# [Work task]
For each line of the data below that contains "rewrite", return that line.

# [Records to process]
● ● ●
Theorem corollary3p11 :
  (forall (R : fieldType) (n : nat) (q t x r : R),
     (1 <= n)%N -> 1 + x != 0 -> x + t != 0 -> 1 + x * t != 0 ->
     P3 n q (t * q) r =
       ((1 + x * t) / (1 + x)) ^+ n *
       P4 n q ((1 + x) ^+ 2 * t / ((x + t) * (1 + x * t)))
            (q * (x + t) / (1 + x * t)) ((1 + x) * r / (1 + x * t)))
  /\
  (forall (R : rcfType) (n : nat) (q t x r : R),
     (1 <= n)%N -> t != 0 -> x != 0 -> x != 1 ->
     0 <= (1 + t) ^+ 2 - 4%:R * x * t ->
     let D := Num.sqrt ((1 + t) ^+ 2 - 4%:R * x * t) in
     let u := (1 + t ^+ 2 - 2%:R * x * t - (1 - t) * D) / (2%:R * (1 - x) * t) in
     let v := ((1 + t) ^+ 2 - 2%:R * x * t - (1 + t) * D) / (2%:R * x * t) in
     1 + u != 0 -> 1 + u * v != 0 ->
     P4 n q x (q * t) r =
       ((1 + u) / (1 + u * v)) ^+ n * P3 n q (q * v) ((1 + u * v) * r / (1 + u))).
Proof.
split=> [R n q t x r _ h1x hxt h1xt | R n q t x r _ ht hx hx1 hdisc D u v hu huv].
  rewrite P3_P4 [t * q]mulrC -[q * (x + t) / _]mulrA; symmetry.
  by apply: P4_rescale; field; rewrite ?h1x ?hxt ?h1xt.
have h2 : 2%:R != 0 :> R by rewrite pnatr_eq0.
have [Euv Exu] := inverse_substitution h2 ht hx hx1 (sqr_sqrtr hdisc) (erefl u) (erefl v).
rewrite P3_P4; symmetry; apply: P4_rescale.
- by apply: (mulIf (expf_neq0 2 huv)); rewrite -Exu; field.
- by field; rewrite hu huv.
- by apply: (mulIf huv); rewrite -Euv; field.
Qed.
● ● ●
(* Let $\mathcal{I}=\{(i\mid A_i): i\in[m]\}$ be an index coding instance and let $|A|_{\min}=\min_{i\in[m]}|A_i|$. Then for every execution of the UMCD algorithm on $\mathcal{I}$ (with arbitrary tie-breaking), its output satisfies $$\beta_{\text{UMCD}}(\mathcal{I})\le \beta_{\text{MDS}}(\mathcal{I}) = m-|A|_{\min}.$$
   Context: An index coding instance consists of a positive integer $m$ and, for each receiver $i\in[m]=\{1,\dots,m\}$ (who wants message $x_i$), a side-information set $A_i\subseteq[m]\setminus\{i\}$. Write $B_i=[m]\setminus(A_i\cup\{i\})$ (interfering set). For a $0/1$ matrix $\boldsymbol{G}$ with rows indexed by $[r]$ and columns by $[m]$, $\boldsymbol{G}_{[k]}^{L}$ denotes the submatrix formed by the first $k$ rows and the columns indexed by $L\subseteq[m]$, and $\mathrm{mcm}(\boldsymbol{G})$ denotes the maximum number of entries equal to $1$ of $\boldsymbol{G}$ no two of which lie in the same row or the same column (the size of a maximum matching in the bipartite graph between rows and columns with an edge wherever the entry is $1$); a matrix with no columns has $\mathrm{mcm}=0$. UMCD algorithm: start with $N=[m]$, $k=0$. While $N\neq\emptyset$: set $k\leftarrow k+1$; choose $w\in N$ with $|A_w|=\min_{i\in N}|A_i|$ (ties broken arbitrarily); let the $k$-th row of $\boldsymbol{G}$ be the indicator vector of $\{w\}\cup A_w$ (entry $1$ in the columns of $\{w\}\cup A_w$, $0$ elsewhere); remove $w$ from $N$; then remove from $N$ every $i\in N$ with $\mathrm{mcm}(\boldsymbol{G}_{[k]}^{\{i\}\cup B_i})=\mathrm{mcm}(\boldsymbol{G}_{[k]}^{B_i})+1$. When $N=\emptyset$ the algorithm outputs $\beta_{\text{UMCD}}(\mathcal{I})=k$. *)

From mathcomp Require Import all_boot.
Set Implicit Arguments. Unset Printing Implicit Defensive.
● ● ●
# [Reply to the exercise]
  rewrite P3_P4 [t * q]mulrC -[q * (x + t) / _]mulrA; symmetry.
  by apply: P4_rescale; field; rewrite ?h1x ?hxt ?h1xt.
have h2 : 2%:R != 0 :> R by rewrite pnatr_eq0.
rewrite P3_P4; symmetry; apply: P4_rescale.
- by apply: (mulIf (expf_neq0 2 huv)); rewrite -Exu; field.
- by field; rewrite hu huv.
- by apply: (mulIf huv); rewrite -Euv; field.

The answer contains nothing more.